Twenty Chimneys (2nd floor of Student Center)

“It’s like a Charlie’s Angels pose with stuffed animals”, says the director. “Remember, you’re the spokesdryad.”

It’s rehearsal for The Forest of Eoren, a new operetta that the MIT Gilbert & Sullivan Players (MITG&SP) are premiering this weekend. The show was written and composed by Matthew Bede Pinson G, former president of the Players. Bright with invention, yet clearly inspired by the original Gilbert & Sullivan comic operas, Eoren will charm devotees of the British duo, as well as those who simply want beautiful music and a good laugh.

Pinson, who hails from Australia, was born into a family of G&S fans, but had never performed in a show until he arrived at MIT nearly five years ago to start a PhD in physics. He auditioned for The Mikado and was instantly hooked. “I had so much fun that when it was over, I needed to keep operetta in my life, and auditions for The Gondoliers were over a month away,” he said, “I decided to write my own.”

Pinson’s first operetta, The Marriage of the Miner’s Maiden, was sung through by MITG&SP, and delighted the cast so much that he felt encouraged to begin composing another at once. “I wanted something ridiculous, so you don’t have to take it too seriously,” said Pinson. “Magical creatures are a good way to go.” And thus was born The Forest of Eoren, home to a band of dryads who have accidentally fallen in love with lumberjacks.
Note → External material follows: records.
(* Let $\mathcal{W}=\{W_s:s\in\mathcal{S}\}$ be an arbitrarily varying channel with channel state sequence known at the receiver (AVC-CSR), with finite alphabets $\mathcal{X},\mathcal{Y}$ and finite state set $\mathcal{S}$. The capacity $C^{CSR-DC}(\mathcal{W})$ of deterministic code with respect to the maximal decoding error probability is positive if and only if there exist $x,x'\in\mathcal{X}$ such that for every state $s\in\mathcal{S}$ there exists $y\in\mathcal{Y}$ with $W_s(y|x)\neq W_s(y|x')$.
   Context: For an AVC-CSR, $W(y^N|x^N,s^N)=\prod_{i=1}^NW_{s_i}(y_i|x_i)$; the state sequence $s^N\in\mathcal{S}^N$ is arbitrary, unknown to the transmitter and known to the receiver. A deterministic code of length $N$ is a pair $(f,\phi)$, $f:\mathcal{M}\to\mathcal{X}^N$, $\phi:\mathcal{Y}^N\times\mathcal{S}^N\to\mathcal{M}$, with maximal decoding error $\lambda^{CSR}(\mathcal{W},f,\phi)=\max_{s^N\in\mathcal{S}^N}\max_{m\in\mathcal{M}}\big[1-\sum_{y^N:\phi(y^N,s^N)=m}W(y^N|f(m),s^N)\big]$. $C^{CSR-DC}(\mathcal{W})$ is the supremum of $R\ge0$ such that for every $\epsilon>0$ and all sufficiently large $N$ there is a deterministic code with $\frac1N\log|\mathcal{M}|>R-\epsilon$ and $\lambda^{CSR}(\mathcal{W},f,\phi)<\epsilon$. *)

From HB Require Import structures.
From mathcomp Require Import all_boot all_order all_algebra.
From mathcomp Require Import all_classical all_reals all_analysis.
Set Implicit Arguments. Unset Strict Implicit. Unset Printing Implicit Defensive.
Import Order.TTheory GRing.Theory Num.Theory.
Local Open Scope ring_scope.

Section AVC.
Variables (R : realType) (X Y S : finType).

(* An AVC: family of channels W_s(y|x), given as W s x y. *)
Definition stochastic_avc (W : S -> X -> Y -> R) : Prop :=
  forall s x, (forall y, 0 <= W s x y) /\ \sum_(y : Y) W s x y = 1.

Definition avc_prod (W : S -> X -> Y -> R) (N : nat)
  (xN : {ffun 'I_N -> X}) (sN : {ffun 'I_N -> S}) (yN : {ffun 'I_N -> Y}) : R :=
  \prod_(i < N) W (sN i) (xN i) (yN i).

Definition lambda_CSR (W : S -> X -> Y -> R) (N M : nat)
  (f : 'I_M -> {ffun 'I_N -> X})
  (phi : {ffun 'I_N -> Y} -> {ffun 'I_N -> S} -> 'I_M) : R :=
  \big[Num.max/0]_(sN : {ffun 'I_N -> S})
    \big[Num.max/0]_(m : 'I_M)
      (1 - \sum_(yN : {ffun 'I_N -> Y} | phi yN sN == m) avc_prod W (f m) sN yN).

Definition achievable_CSR_DC (W : S -> X -> Y -> R) (R0 : R) : Prop :=
  0 <= R0 /\
  forall eps : R, 0 < eps ->
    exists N0 : nat, forall N : nat, (N0 <= N)%N ->
      exists (M : nat) (f : 'I_M -> {ffun 'I_N -> X})
             (phi : {ffun 'I_N -> Y} -> {ffun 'I_N -> S} -> 'I_M),
        (0 < M)%N /\
        R0 - eps < (ln (M%:R : R) / ln 2) / N%:R /\
        lambda_CSR W f phi < eps.

Definition cap_CSR_DC (W : S -> X -> Y -> R) : \bar R :=
  ereal_sup [set (r%:E) | r in [set r | achievable_CSR_DC W r]].

End AVC.

From HB Require Import structures.
From mathcomp Require Import all_boot all_order all_algebra.
From mathcomp Require Import all_classical all_reals all_analysis.
From mathcomp Require Import ring lra zify.
Import Order.TTheory GRing.Theory Num.Theory.
Local Open Scope ring_scope.
Set Implicit Arguments. Unset Strict Implicit. Unset Printing Implicit Defensive.

(* If x0 and x1 are distinguishable under every state, then
   rho := max_s sum_y sqrt (W_s(y|x0) W_s(y|x1)) is < 1.  Spell a binary code
   of minimum distance > N/8 with x0, x1 (Gilbert-Varshamov provides
   2 ^ (N/8) such words) and decode by maximum likelihood given the state
   sequence: by the union-Bhattacharyya bound every message is decoded
   wrongly with probability at most M * rho ^ (N/8), so with rho ^ t <= 1/4
   codes of 2 ^ (N/(8t)) messages have error at most 2 ^ (-N/(8t)), a
   positive rate.  Conversely, if every pair of inputs is confused by some
   state, the state sequence can be chosen letter by letter so that two
   codewords induce the same output distribution, and one of the two
   messages is then decoded wrongly with probability at least 1/2. *)

Lemma leq_expn2r m n e : (m <= n)%N -> (m ^ e <= n ^ e)%N.
Proof. by move=> le_mn; elim: e => // e ih; rewrite !expnS leq_mul. Qed.

Section HammingCodes.
Local Open Scope nat_scope.
Variable N : nat.
Local Notation word := {ffun 'I_N -> bool}.

Definition hamming (c c' : word) : nat := \sum_i (c i != c' i).

Lemma hammingC c c' : hamming c c' = hamming c' c.
Proof. by apply: eq_bigr => i _; rewrite eq_sym. Qed.

Lemma hammingxx c : hamming c c = 0.
Proof. by apply: big1 => i _; rewrite eqxx. Qed.

Definition hamming_ball (c : word) r := [set w : word | hamming c w <= r].

(* Weight each word w by 2 ^ (number of positions where w agrees with c):
   the weights sum to 3 ^ N, and inside the ball each weight is at least
   2 ^ (N - r). *)
Lemma card_hamming_ball_le c r : #|hamming_ball c r| * 2 ^ N <= 2 ^ r * 3 ^ N.
Proof.
pose agree (w : word) := \sum_i (c i == w i).
have hamming_agree w : hamming c w + agree w = N.
  rewrite -big_split /= -[RHS]card_ord -sum1_card.
  by apply: eq_bigr => i _; rewrite addn_negb.
have -> : 3 ^ N = \sum_(w : word) 2 ^ agree w.
  under [RHS]eq_bigr do rewrite expn_sum.
  rewrite -(bigA_distr_bigA (fun i b => 2 ^ (c i == b))) /=.
  rewrite -[in LHS](card_ord N) -prod_nat_const.
  by apply: eq_bigr => i _; rewrite big_bool; case: (c i).
rewrite -sum1_card !big_distrl big_distrr /=.
apply: (@leq_trans (\sum_(w in hamming_ball c r) 2 ^ r * 2 ^ agree w)).
  apply: leq_sum => w; rewrite inE mul1n -expnD -{1}(hamming_agree w) => hw.
  by rewrite leq_exp2l // leq_add2r.
by rewrite [leqRHS](bigID (mem (hamming_ball c r))) /= leq_addr.
Qed.

Definition separated r (C : {set word}) :=
  [forall c in C, forall c' in C, (c != c') ==> (r < hamming c c')].

Lemma separatedP r (C : {set word}) :
  reflect (forall c c', c \in C -> c' \in C -> c != c' -> r < hamming c c')
          (separated r C).
Proof.
apply: (iffP forall_inP) => [sepC c c' cC c'C | sepC c cC].
  by move/forall_inP/(_ c' c'C)/implyP: (sepC c cC).
by apply/forall_inP => c' c'C; apply/implyP; apply: sepC.
Qed.

Lemma separated_setU1 r (C : {set word}) w : separated r C ->
  (forall c, c \in C -> r < hamming c w) -> separated r (w |: C).
Proof.
move=> /separatedP sepC far; apply/separatedP.
move=> c c' /setU1P[->|cC] /setU1P[->|c'C]; rewrite ?eqxx // => neq.
- by rewrite hammingC far.
- exact: far.
- exact: sepC.
Qed.

(* Gilbert-Varshamov: the balls around a maximal r-separated code cover all
   2 ^ N words. *)
Lemma exists_separated_code r : exists2 C : {set word},
  separated r C & 2 ^ N * 2 ^ N <= #|C| * (2 ^ r * 3 ^ N).
Proof.
have sep0 : separated r finset.set0 by apply/separatedP => c c'; rewrite finset.in_set0.
have [C sepC Cmax] := arg_maxnP (fun C : {set word} => #|C|) sep0.
exists C => //.
have cover w : [exists c in C, w \in hamming_ball c r].
  apply: contraT => /exists_inPn far.
  have {}far c : c \in C -> r < hamming c w by move/far; rewrite inE -ltnNge.
  have wC : w \notin C by apply/negP => /far; rewrite hammingxx.
  by have := Cmax _ (separated_setU1 sepC far); rewrite cardsU1 wC; lia.
have covered : \sum_(w : word) 1 <= \sum_(c in C) #|hamming_ball c r|.
  under [leqRHS]eq_bigr do rewrite -sum1_card.
  rewrite (exchange_big_dep xpredT) //=; apply: leq_sum => w _.
  have /exists_inP[c cC wc] := cover w.
  by rewrite (bigD1 c) ?cC //=.
rewrite sum1_card card_ffun card_bool card_ord in covered.
apply: leq_trans (leq_mul covered (leqnn (2 ^ N))) _.
rewrite big_distrl /= -sum_nat_const.
by apply: leq_sum => c _; apply: card_hamming_ball_le.
Qed.

Lemma exists_separated_code_large :
  exists2 C : {set word}, separated (N %/ 8) C & 2 ^ (N %/ 8) <= #|C|.
Proof.
set r := N %/ 8.
have [C sepC sizeC] := exists_separated_code r.
exists C => //.
have vol : 4 ^ r * 3 ^ N <= 4 ^ N.
  rewrite {1 2}(divn_eq N 8) -/r !expnD mulnA leq_mul ?leq_expn2r //.
  by rewrite !(mulnC r) !expnM -expnMn leq_expn2r.
rewrite -(@leq_pmul2r (2 ^ r * 3 ^ N)) ?muln_gt0 ?expn_gt0 //.
by apply: leq_trans sizeC; rewrite mulnA -expnMn -expnMn.
Qed.

End HammingCodes.

Lemma sqrtr_prod (R : rcfType) (I : finType) (F : I -> R) :
  (forall i, 0 <= F i) -> Num.sqrt (\prod_i F i) = \prod_i Num.sqrt (F i).
Proof.
move=> F_ge0; rewrite -[RHS]ger0_norm; last by apply: prodr_ge0 => i _; apply: sqrtr_ge0.
rewrite -sqrtr_sqr -prodrXl; congr Num.sqrt; apply: eq_bigr => i _.
by rewrite sqr_sqrtr.
Qed.

Section Bhattacharyya.
Variables (R : realType) (X Y S : finType) (W : S -> X -> Y -> R).
Hypothesis W_stochastic : stochastic_avc W.

Lemma avc_ge0 s x y : 0 <= W s x y.
Proof. by case: (W_stochastic s x). Qed.

Lemma avc_sum1 s x : \sum_y W s x y = 1.
Proof. by case: (W_stochastic s x). Qed.

Lemma avc_prod_ge0 N (xN : {ffun 'I_N -> X}) sN yN : 0 <= avc_prod W xN sN yN.
Proof. by apply: prodr_ge0 => i _; apply: avc_ge0. Qed.
Theorem lemma5p4 (n : nat) (r : R) (k : nat) (p gv gp : R) :
  (3 <= n)%nat ->
  0 < r -> Rbar_lt (Finite r) (r_crit n) ->
  (k < n)%nat ->
  in_P p ->
  is_g n r (INR k / INR n) gv ->
  is_g n r p gp ->
  dP (INR k / INR n) gv <= dP p gp.
Proof.
  intros Hn3 Hr _ _ _ [_ [_ Hgv_min]] [_ [Hgp_r _]].
  assert (Hn : (0 < n)%nat) by lia.
  pose proof (frac_bounds (gp - p)) as HL; fold (dP p gp) in HL.
  assert (HrL : 0 <= r ^ 2 <= vertex_sqdist n (INR n * dP p gp)).
  { split; [apply pow2_ge_0|]; rewrite <- Hgp_r; apply pdist_sqr_le_vertex, Hn. }
  destruct (vertex_sqdist_ivt n (dP p gp) (r ^ 2) (proj1 HL) HrL) as [z [Hz Hzr]].
  destruct (vertex_arc_point n Hn k z) as [w [Hw [Hvw Hdw]]]; [lra|].
  rewrite Hzr, sqrt_pow2 in Hdw by lra.
  apply Rle_trans with z; [rewrite <- Hvw; apply Hgv_min; assumption | lra].
Qed.
Section Reversal.
Variables (V : finType) (d : nat) (x0 : V) (Qs : seq {set V}) (cs cs' : seq coin).
Local Notation n := (size Qs).
Local Notation Qn k := (nth set0 Qs k).
Local Notation cn k := (nth coin0 cs k).
Hypothesis sender_rev :
  forall k, k < n -> is_sender (nth coin0 cs' k) = ~~ is_sender (cn (n - k.+1)).
Hypothesis draw_m_rev :
  forall k, k < n -> draw_m (nth coin0 cs' k) = draw_m (cn (n - k.+1)).

Lemma nth_rev_set k : k < n -> nth set0 (rev Qs) k = Qn (n - k.+1).
Proof. exact: nth_rev. Qed.

Lemma linked_rev p k : k < n ->
  linked d x0 (rev Qs) cs' p k <-> linked d x0 Qs cs (n - k.+1) (n - p.+1).
Proof.
move=> lt_kn; split.
  move=> [[lt_pk lt_kp p2 k2] [p_send k_recv same no_x]].
  have lt_pn : p < n by lia.
  rewrite !nth_rev_set // in p2 k2 same no_x.
  rewrite sender_rev // in p_send; rewrite sender_rev // negbK in k_recv.
  rewrite !draw_m_rev // in same no_x.
  split; split=> //; [lia | lia | move=> q lt_q lt_q'].
  have := no_x (n - q.+1) ltac:(lia) ltac:(lia).
  rewrite nth_rev_set; last lia.
  have -> : n - (n - q.+1).+1 = q by lia.
  by rewrite same.
move=> [[lt_kp' lt_pk' k2 p2] [k_send p_recv same no_x]].
have lt_pn : p < n by lia.
split; split; rewrite ?nth_rev_set ?sender_rev ?negbK ?draw_m_rev //; try lia.
move=> q lt_pq lt_qk; rewrite nth_rev_set ?draw_m_rev; last lia.
by rewrite same; apply: no_x; lia.
Qed.

End Reversal.

Section Duality.
Variables (V : finType) (d : nat) (x0 : V).
Hypothesis d_gt0 : 0 < d.

Definition alg_sel (Qs : seq {set V}) (cs : seq coin) := run_sel d x0 Qs cs 1 (init_state V).
(* Let $G=(V,E)$ be a simple graph on $n$ vertices and let $\bar G$ be its complement. Then $\varepsilon(G)$ is at most the number of acyclic orientations of the edges of $\bar G$. Equality holds if and only if $G$ is a complete $p$-partite graph for some $p\in[n]$.
   Context: For an undirected simple graph $G=(V,E)$, $\varepsilon(G)$ denotes the maximum, over all acyclic orientations of $E$, of the number of linear extensions of the partial order induced on $V$ (where $u<v$ iff there is a directed path from $u$ to $v$; a linear extension of a poset on an $n$-element set is an order-preserving bijection onto $[n]$). A complete $p$-partite graph is one whose vertex set is partitioned into $p$ nonempty parts, with two vertices adjacent iff they lie in different parts. *)

From mathcomp Require Import all_boot.
Set Implicit Arguments. Unset Strict Implicit. Unset Printing Implicit Defensive.

Section Graphs.
Variable V : finType.

Definition simple_graph (E : rel V) : Prop :=
  symmetric E /\ irreflexive E.

Definition compl_graph (E : rel V) : rel V :=
  fun u v => (u != v) && ~~ E u v.

Definition is_orientation (E : rel V) (A : {set V * V}) : bool :=
  [forall u, forall v, ((u, v) \in A) ==> E u v] &&
  [forall u, forall v, E u v ==> (((u, v) \in A) (+) ((v, u) \in A))].

Definition arcs (A : {set V * V}) : rel V := fun x y => (x, y) \in A.

Definition acyclic (A : {set V * V}) : bool :=
  [forall u, forall v, ((u, v) \in A) ==> ~~ connect (arcs A) v u].

Definition acyclic_orientations (E : rel V) : {set {set V * V}} :=
  [set A | is_orientation E A && acyclic A].

Definition induced_lt (A : {set V * V}) : rel V :=
  fun u v => [exists w, arcs A u w && connect (arcs A) w v].

(* Linear extensions: order-preserving bijections V -> [n], n = #|V|
   (injective maps between sets of equal size are bijections). *)
Definition linear_extensions (A : {set V * V}) : {set {ffun V -> 'I_#|V|}} :=
  [set f : {ffun V -> 'I_#|V|} | injectiveb f &&
     [forall u, forall v, induced_lt A u v ==> (f u < f v)]].

Definition num_linext (A : {set V * V}) : nat := #|linear_extensions A|.

Definition eps (E : rel V) : nat :=
  \max_(A in acyclic_orientations E) num_linext A.

Definition num_acyclic_orientations (E : rel V) : nat :=
  #|acyclic_orientations E|.

(* Complete p-partite: V partitioned into p nonempty parts (given by a
   surjective colouring c : V -> 'I_p), adjacency iff different parts. *)
Definition complete_multipartite (E : rel V) (p : nat) : Prop :=
  exists c : V -> 'I_p,
    (forall i : 'I_p, exists v, c v = i) /\
    (forall u v, E u v = (c u != c v)).

End Graphs.

From mathcomp Require Import all_boot.
Set Implicit Arguments. Unset Strict Implicit. Unset Printing Implicit Defensive.

(* A linear extension f of an acyclic orientation A of G also orients every
   edge of the complement from its smaller to its larger f-value, and f is
   recovered from A together with this acyclic orientation of the complement:
   hence eps G is at most the number of acyclic orientations of the complement.
   If G is complete multipartite, order the parts linearly and orient G along
   that order; the complement is a disjoint union of cliques, one per part, and
   any acyclic orientation of it is a union of linear orders of the parts, which
   concatenate to a linear extension, so the bound is attained.  Otherwise
   there are non-edges av, vb with ab an edge, say oriented a -> b; the acyclic
   orientation of the complement with b -> v -> a then comes from no linear
   extension, whatever the orientation of G, and the bound is strict. *)

Lemma connect_homo_leq (T : finType) (r : rel T) (h : T -> nat) :
  (forall x y, r x y -> h x < h y) -> forall x y, connect r x y -> h x <= h y.
Proof.
move=> hr x y /connectP [p pth ->]; elim: p x pth => //= z p IH x /andP [rxz pth].
exact: leq_trans (ltnW (hr _ _ rxz)) (IH _ pth).
Qed.

Lemma card_ltn_ord n k : k <= n -> #|[set i : 'I_n | i < k]| = k.
Proof.
move=> kn.
have -> : [set i : 'I_n | i < k] = widen_ord kn @: [set: 'I_k].
  apply/setP => i; rewrite inE; apply/idP/imsetP.
  - by move=> ik; exists (Ordinal ik) => //; apply: val_inj.
  - by case=> j _ ->; rewrite /= ltn_ord.
by rewrite card_imset ?cardsT ?card_ord // => a b /(congr1 val) /= /val_inj.
Qed.

Lemma inj_ord_rank (V : finType) (f : {ffun V -> 'I_#|V|}) : injective f ->
  forall u, f u = #|[set v | f v < f u]| :> nat.
Proof.
move=> finj u.
have fsurj i : exists v, f v = i.
  have /codomP [v ->] : i \in codom f by apply: inj_card_onto; rewrite ?card_ord.
  by exists v.
rewrite -(card_imset _ finj).
have -> : f @: [set v | f v < f u] = [set i : 'I_#|V| | i < f u].
  apply/setP => i; rewrite inE; apply/imsetP/idP.
  - by case=> v; rewrite inE => ? ->.
  - by move=> ltiu; have [v fv] := fsurj i; exists v; rewrite ?inE fv.
by rewrite card_ltn_ord // ltnW.
Qed.

Lemma inj_ord_eq_of_ltn (V : finType) (f g : {ffun V -> 'I_#|V|}) :
  injective f -> injective g -> (forall x y, (f x < f y) = (g x < g y)) -> f = g.
Proof.
move=> finj ginj fg; apply/ffunP => x; apply: val_inj.
rewrite /= (inj_ord_rank finj) (inj_ord_rank ginj).
by apply: eq_card => y; rewrite !inE fg.
Qed.

(* The rank of x is the number of R-predecessors of x. *)
Lemma total_order_rank (V : finType) (R : rel V) :
  irreflexive R -> transitive R -> (forall x y, x != y -> R x y || R y x) ->
  exists2 f : {ffun V -> 'I_#|V|}, injective f & forall x y, (f x < f y) = R x y.
Proof.
move=> Rirr Rtr Rtot.
pose rk x := #|[set y | R y x]|.
have rk_lt x y : R x y -> rk x < rk y.
  move=> Rxy; apply: proper_card; apply/properP; split.
  - by apply/subsetP => z; rewrite !inE => Rzx; apply: Rtr Rzx Rxy.
  - by exists x; rewrite !inE ?Rxy ?Rirr.
have rk_bound x : rk x < #|V|.
  rewrite -cardsT; apply: proper_card; apply/properP; split; first exact: subsetT.
  by exists x; rewrite !inE ?Rirr.
pose f : {ffun V -> 'I_#|V|} := [ffun x => Ordinal (rk_bound x)].
have fR x y : (f x < f y) = R x y.
  rewrite !ffunE /=; apply/idP/idP; last exact: rk_lt.
  case: (eqVneq x y) => [-> | nxy]; first by rewrite ltnn.
  move=> rk_xy; case/orP: (Rtot _ _ nxy) => // /rk_lt rk_yx.
  by have := ltn_trans rk_xy rk_yx; rewrite ltnn.
exists f => // x y fxy; apply/eqP; apply: contraT => nxy.
by case/orP: (Rtot _ _ nxy); rewrite -fR fxy ltnn.
Qed.

Section Orientations.
Variable V : finType.
Implicit Types (E : rel V) (A : {set V * V}) (f : {ffun V -> 'I_#|V|}).

Lemma orientation_arc E A a b : is_orientation E A -> (a, b) \in A -> E a b.
Proof. by case/andP => /forallP arcE _; apply: (implyP (forallP (arcE a) b)). Qed.

Lemma orientation_edge E A a b : is_orientation E A -> E a b ->
  ((a, b) \in A) (+) ((b, a) \in A).
Proof. by case/andP => _ /forallP edgeA; apply: (implyP (forallP (edgeA a) b)). Qed.

Lemma acyclic_arc A a b : acyclic A -> (a, b) \in A -> ~~ connect (arcs A) b a.
Proof. by move=> /forallP acA; apply: (implyP (forallP (acA a) b)). Qed.

Lemma acyclic_orientation_trans E A x y z : is_orientation E A -> acyclic A ->
  (x, y) \in A -> (y, z) \in A -> E x z -> (x, z) \in A.
Proof.
move=> Aor Aac xy yz Exz; have := orientation_edge Aor Exz.
case: ((x, z) \in A) => //= zx.
have zy : connect (arcs A) z y by apply: connect_trans (connect1 zx) (connect1 xy).
by have := acyclic_arc Aac yz; rewrite zy.
Qed.

Definition orient_by E (g : V -> nat) : {set V * V} :=
  [set x | E x.1 x.2 && (g x.1 < g x.2)].

Lemma arcs_orient_by E g x y : arcs (orient_by E g) x y -> g x < g y.
Proof. by rewrite /arcs inE => /andP []. Qed.

Lemma induced_lt_orient_by E g x y : induced_lt (orient_by E g) x y -> g x < g y.
Proof.
case/existsP => w /andP [/arcs_orient_by gxw wy].
exact: leq_trans gxw (connect_homo_leq (@arcs_orient_by E g) wy).
Qed.

Lemma orient_by_acyclic E g : symmetric E -> (forall u v, E u v -> g u != g v) ->
  orient_by E g \in acyclic_orientations E.
Proof.
move=> Esym gE; rewrite inE; apply/andP; split; [apply/andP; split |].
- by apply/'forall_'forall_implyP => u v; rewrite inE => /andP [].
- apply/'forall_'forall_implyP => u v Euv; rewrite !inE /= Euv -Esym Euv /=.
  by have := gE _ _ Euv; rewrite neq_ltn => /orP [] lt; rewrite lt ltnNge ltnW.
- apply/'forall_'forall_implyP => u v; rewrite inE => /andP [_ guv].
  by apply/negP => /(connect_homo_leq (@arcs_orient_by E g)); rewrite leqNgt guv.
Qed.

Lemma acyclic_orientations_neq0 E : simple_graph E -> 0 < #|acyclic_orientations E|.
Proof.
case=> Esym Eirr; apply/card_gt0P; exists (orient_by E (fun x => enum_rank x)).
apply: orient_by_acyclic => // u v; apply: contraTneq => /val_inj/enum_rank_inj ->.
by rewrite Eirr.
Qed.

Lemma linext_arc A f a b : f \in linear_extensions A -> (a, b) \in A -> f a < f b.
Proof.
rewrite inE => /andP [_ /'forall_'forall_implyP fA] ab; apply: fA.
by apply/existsP; exists b; rewrite /arcs ab connect0.
Qed.

Lemma linext_inj A f : f \in linear_extensions A -> injective f.
Proof. by rewrite inE => /andP [/injectiveP]. Qed.

Lemma compl_graph_sym E : symmetric E -> symmetric (compl_graph E).
Proof. by move=> Esym u v; rewrite /compl_graph eq_sym Esym. Qed.

Variable E : rel V.
Hypothesis Esym : symmetric E.

Definition linext_orient f : {set V * V} := orient_by (compl_graph E) (fun x => f x).

Lemma linext_orient_acyclic A f : f \in linear_extensions A ->
  linext_orient f \in acyclic_orientations (compl_graph E).
Proof.
move/linext_inj => finj; apply: orient_by_acyclic; first exact: compl_graph_sym.
by move=> u v /andP [nuv _]; apply: contra nuv => /eqP /val_inj /finj ->.
Qed.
Confusion and hilarity ensue, identities are mistaken, and deception is rife, until all loose ends and couples are joined in a perfect happy ending.

A dedicated cast of students and visiting musicians has worked through IAP to bring the show from score to stage in under a month. “With a new show, you automatically have more creativity involved,” said music director Sarah Hager, who works as a choral conductor in Lexington. “There are no recordings that you can listen to.”

The biggest shock, coming out of Eoren, is that it really isn’t a shock at all. The language and music are patently Gilbert & Sullivan, if on a slightly smaller scale. The libretto abounds in witty banter and airy persiflage. Pinson takes full advantage of his arboreal subject matter in such delightful rhymes as “No more let our chorus be sorrowful / Of great joy we will find tomorrow full! / Trees will shine out resplendent with chlorophyll.” As with the best of Sullivan, even the sorrowful tunes are lovely, and are destined to stick in your head with the persistence of The Pirates of Penzance.

Kelsey Peterson (women’s chorus) has sung with the group for 14 shows, besides appearances as producer and costume director. “It feels like it’s this G&S show that I happened to never see before,” she said.

G&S aficionados will recognize nods to many of the original operettas, including a “weeping maidens” chorus reminiscent of Patience and an a cappella quartet, complete with “fa-la-la”s, that recalls the madrigal from The Mikado. Despite this stock material, however, Eoren comes across as fresh and new, with an innocence that is hard to come by in any theatrical production. “The show is just entirely adorable — it’s distilled joy,” said Kathryn Noonan (Queen of the Dryads), “I would definitely put it up there as better than some G&S shows.”

Eoren lasts a single act — about an hour, with no intermission. Pinson has effectively miniaturized the common two-act structure by writing what sounds like an Act I Finale to chop the action neatly into two halves. The score includes parts for seven soloists, men’s and women’s choruses, and accompaniment by piano and clarinet. Refreshingly, the cast is gender-balanced, a contrast from the normal G&S canon, where female characters can be harder to find.

Pinson says that he doesn’t want “people to think that there’s anything too deep” in Eoren. “You could say there’s an environmental message here — don’t cut down trees — but that’s not really it.” As with traditional Gilbert & Sullivan, the goal is to be light, charming, and hilarious, and Eoren succeeds completely.